• TO DO: Report all lines below with the word "mathcomp".
--- MATERIAL FOR THIS EXERCISE Enclosed Below ---
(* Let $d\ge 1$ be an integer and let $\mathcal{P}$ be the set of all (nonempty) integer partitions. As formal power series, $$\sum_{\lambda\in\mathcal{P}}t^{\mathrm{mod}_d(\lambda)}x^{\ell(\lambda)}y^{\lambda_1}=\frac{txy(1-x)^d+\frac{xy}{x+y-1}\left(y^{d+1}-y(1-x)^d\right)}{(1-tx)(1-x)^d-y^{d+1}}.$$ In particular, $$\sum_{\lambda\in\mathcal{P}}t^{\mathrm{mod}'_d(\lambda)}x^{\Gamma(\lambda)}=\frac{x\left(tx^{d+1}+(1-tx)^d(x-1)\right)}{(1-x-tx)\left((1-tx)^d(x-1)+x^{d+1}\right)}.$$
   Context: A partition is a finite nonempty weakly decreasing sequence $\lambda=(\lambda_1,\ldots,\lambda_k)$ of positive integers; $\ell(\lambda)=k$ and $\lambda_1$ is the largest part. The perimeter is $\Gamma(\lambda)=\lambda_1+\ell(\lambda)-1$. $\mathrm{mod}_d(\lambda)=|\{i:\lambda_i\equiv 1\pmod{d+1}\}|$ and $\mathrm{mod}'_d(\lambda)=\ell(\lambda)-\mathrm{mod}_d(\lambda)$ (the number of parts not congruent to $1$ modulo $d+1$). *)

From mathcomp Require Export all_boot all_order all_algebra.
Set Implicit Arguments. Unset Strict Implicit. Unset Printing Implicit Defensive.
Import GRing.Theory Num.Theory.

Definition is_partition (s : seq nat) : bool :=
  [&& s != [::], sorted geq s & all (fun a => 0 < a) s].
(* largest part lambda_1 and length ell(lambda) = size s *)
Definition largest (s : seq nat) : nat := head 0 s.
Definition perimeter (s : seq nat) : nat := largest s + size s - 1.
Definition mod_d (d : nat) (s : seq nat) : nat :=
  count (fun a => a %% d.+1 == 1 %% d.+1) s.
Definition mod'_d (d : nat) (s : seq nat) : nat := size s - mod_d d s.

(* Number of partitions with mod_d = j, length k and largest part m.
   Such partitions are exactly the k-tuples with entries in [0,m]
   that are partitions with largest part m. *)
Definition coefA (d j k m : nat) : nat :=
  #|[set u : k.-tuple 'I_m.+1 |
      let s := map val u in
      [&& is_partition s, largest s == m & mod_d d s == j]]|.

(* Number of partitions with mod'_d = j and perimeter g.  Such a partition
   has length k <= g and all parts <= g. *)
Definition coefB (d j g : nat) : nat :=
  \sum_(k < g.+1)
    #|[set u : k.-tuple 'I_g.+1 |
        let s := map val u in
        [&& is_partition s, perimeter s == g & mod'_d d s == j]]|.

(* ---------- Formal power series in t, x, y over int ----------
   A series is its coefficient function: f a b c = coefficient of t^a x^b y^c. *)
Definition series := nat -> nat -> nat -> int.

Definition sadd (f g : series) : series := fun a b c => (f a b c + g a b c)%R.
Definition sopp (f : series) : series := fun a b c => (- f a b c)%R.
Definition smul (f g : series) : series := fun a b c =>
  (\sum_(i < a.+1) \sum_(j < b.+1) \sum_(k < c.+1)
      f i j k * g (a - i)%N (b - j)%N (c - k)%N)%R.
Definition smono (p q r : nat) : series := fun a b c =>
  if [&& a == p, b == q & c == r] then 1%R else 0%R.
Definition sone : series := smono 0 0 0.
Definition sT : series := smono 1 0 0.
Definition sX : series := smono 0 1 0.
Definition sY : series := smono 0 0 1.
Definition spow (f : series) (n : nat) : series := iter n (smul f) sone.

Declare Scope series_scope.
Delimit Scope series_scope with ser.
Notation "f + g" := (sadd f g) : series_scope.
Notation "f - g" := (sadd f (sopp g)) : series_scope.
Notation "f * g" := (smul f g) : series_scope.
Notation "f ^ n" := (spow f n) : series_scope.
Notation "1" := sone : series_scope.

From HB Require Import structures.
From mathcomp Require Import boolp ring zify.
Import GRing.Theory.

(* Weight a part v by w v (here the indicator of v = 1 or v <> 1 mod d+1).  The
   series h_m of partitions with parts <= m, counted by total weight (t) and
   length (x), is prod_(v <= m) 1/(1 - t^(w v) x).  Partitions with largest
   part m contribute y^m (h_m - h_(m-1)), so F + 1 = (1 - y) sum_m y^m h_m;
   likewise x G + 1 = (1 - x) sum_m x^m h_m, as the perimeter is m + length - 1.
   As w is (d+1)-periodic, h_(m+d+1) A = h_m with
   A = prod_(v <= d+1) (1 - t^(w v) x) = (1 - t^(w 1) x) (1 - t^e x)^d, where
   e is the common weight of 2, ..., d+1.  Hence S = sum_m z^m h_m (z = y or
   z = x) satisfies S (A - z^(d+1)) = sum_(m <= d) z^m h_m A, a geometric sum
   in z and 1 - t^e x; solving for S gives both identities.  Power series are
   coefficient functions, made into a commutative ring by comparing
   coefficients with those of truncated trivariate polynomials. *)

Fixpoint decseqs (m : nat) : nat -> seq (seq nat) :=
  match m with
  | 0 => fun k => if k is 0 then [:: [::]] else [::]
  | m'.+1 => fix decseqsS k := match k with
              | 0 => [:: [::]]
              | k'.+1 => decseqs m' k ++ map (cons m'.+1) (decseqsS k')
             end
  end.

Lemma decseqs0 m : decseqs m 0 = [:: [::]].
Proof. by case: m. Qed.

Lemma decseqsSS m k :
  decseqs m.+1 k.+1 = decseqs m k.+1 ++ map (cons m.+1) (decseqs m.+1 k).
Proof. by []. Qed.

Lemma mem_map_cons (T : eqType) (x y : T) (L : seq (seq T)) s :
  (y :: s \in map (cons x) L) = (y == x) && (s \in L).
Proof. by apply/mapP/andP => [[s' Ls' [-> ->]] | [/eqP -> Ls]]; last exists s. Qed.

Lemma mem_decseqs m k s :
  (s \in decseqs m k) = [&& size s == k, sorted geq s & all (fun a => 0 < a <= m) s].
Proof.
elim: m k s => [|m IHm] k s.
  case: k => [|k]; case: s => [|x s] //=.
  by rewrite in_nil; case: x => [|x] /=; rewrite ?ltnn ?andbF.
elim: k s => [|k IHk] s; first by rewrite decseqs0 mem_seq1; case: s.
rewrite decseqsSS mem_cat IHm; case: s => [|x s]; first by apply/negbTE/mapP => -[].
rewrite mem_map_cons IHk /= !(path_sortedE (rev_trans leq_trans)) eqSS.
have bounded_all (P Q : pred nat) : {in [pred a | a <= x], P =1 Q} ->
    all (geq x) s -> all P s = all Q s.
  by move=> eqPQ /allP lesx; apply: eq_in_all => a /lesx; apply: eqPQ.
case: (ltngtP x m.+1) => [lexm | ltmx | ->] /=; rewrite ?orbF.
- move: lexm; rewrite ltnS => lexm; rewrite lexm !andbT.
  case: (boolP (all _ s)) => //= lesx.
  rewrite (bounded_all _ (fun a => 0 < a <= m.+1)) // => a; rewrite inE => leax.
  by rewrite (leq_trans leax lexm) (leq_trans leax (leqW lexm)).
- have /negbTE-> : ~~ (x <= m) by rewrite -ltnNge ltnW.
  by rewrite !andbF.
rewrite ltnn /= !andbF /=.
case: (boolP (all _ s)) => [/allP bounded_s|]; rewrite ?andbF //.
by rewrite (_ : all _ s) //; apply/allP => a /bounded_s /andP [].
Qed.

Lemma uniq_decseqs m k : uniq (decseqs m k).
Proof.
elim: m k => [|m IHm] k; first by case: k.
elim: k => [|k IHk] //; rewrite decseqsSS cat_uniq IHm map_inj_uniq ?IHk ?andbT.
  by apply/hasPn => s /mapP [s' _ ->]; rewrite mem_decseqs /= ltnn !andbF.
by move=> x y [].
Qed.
--- End of Enclosed MATERIAL FOR THIS EXERCISE ---
--- MATERIAL FOR THIS EXERCISE Enclosed Below ---
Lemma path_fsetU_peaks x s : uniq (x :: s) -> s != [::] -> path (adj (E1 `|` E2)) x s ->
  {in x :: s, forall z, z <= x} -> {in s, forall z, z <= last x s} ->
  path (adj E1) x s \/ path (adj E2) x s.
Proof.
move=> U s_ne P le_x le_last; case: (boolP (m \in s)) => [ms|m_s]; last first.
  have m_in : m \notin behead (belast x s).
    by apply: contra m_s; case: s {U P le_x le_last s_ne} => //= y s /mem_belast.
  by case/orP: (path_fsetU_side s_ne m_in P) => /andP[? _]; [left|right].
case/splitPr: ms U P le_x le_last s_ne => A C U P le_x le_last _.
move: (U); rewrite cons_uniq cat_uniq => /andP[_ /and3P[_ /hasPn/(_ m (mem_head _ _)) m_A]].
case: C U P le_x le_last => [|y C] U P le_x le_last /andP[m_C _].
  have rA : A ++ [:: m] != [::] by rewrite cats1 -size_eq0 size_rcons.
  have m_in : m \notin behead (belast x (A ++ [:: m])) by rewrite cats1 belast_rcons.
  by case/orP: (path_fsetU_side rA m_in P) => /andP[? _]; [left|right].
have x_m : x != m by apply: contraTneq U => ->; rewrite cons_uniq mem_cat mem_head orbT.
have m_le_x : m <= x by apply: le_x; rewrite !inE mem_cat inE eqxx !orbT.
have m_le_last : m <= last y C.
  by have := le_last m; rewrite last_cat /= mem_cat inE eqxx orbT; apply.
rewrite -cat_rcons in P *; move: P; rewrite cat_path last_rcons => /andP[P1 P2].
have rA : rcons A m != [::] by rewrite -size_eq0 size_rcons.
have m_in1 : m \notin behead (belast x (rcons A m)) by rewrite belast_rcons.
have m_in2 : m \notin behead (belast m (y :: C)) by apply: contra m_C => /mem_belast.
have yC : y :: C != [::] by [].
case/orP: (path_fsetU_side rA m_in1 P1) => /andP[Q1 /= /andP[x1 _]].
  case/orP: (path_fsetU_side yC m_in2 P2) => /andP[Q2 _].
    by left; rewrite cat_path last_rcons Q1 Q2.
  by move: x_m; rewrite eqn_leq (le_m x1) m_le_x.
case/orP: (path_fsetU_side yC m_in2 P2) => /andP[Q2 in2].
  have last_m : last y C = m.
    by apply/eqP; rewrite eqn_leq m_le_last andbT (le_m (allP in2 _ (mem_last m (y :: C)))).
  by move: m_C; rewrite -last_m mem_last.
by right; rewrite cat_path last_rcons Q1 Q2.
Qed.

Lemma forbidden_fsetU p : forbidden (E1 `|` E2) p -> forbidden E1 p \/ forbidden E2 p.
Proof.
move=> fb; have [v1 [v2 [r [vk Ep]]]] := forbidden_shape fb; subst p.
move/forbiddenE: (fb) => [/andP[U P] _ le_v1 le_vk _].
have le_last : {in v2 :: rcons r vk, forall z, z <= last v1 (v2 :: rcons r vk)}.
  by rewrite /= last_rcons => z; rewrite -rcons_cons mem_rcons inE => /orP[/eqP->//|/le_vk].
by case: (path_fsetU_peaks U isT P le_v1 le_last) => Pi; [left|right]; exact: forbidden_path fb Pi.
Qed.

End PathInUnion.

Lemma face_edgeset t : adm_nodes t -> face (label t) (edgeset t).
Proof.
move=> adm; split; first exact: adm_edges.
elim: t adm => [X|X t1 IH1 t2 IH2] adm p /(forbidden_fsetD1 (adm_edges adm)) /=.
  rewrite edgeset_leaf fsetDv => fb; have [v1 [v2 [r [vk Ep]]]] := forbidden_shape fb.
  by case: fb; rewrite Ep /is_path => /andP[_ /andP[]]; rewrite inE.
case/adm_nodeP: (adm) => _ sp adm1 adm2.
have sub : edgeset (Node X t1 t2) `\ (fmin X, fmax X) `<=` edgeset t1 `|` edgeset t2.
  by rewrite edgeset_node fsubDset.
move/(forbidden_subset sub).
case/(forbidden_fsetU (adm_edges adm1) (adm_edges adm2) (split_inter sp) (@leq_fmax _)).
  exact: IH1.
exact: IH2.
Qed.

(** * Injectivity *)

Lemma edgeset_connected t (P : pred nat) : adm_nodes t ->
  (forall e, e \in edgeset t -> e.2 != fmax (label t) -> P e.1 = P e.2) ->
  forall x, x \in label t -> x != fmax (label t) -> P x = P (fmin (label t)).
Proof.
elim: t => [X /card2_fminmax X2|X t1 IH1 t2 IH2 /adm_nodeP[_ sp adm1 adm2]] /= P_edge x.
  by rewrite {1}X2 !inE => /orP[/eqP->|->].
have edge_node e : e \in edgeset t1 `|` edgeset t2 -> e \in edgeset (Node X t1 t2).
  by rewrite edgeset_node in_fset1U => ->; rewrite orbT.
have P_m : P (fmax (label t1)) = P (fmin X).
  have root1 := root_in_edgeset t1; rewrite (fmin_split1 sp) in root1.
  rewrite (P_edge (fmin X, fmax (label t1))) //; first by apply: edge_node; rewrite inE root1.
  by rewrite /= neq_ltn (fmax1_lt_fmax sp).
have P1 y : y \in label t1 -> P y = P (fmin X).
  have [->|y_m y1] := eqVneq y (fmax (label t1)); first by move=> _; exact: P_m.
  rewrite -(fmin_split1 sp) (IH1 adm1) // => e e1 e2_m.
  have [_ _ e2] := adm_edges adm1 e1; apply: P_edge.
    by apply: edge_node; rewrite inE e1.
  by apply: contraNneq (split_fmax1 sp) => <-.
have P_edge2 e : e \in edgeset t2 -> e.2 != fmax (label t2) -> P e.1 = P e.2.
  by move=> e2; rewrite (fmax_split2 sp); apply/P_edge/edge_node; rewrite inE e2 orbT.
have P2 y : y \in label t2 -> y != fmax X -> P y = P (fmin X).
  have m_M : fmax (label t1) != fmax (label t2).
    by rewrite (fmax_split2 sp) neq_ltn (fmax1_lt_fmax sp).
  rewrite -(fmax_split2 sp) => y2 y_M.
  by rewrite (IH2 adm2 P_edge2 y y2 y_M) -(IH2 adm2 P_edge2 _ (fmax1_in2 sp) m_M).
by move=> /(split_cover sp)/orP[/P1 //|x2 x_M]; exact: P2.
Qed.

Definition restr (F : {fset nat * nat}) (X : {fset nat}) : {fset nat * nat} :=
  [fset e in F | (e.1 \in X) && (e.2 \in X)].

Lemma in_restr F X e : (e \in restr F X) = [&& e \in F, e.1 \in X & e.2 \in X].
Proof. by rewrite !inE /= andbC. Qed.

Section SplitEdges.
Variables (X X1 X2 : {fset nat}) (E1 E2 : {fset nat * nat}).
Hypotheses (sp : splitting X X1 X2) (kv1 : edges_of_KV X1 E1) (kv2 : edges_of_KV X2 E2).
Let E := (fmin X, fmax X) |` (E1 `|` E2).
--- End of Enclosed MATERIAL FOR THIS EXERCISE ---
--- MATERIAL FOR THIS EXERCISE Enclosed Below ---
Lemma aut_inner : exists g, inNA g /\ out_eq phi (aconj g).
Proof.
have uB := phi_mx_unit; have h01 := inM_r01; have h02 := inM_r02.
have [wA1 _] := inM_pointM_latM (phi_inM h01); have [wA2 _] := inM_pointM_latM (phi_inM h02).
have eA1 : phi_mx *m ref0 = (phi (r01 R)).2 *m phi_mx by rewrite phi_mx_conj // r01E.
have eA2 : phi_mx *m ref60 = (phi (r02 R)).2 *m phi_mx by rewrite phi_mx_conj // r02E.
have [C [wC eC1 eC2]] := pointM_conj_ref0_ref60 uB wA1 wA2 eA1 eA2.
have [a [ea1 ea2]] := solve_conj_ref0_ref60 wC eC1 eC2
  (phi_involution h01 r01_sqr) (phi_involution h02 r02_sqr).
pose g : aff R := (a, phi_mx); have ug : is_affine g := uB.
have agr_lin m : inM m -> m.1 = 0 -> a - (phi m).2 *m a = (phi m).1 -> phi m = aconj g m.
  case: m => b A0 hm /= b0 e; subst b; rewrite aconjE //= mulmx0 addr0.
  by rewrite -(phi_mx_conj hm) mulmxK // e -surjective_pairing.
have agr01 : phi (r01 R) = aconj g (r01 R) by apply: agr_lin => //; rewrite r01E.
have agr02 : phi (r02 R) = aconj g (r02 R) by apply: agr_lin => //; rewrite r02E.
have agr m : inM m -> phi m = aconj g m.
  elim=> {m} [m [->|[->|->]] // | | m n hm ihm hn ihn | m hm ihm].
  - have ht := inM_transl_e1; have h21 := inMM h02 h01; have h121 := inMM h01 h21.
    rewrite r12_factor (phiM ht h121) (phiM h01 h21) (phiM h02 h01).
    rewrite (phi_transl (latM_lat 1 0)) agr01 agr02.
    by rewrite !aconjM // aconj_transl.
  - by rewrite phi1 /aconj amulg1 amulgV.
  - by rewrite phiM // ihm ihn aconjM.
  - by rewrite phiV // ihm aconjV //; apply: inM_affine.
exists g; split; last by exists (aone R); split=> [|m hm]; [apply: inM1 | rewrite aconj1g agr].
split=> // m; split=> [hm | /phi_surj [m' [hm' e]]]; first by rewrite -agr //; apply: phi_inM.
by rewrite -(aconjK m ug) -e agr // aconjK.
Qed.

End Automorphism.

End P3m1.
--- End of Enclosed MATERIAL FOR THIS EXERCISE ---
• OUTPUT FOR THIS EXERCISE:
From mathcomp Require Export all_boot all_order all_algebra.
From mathcomp Require Import boolp ring zify.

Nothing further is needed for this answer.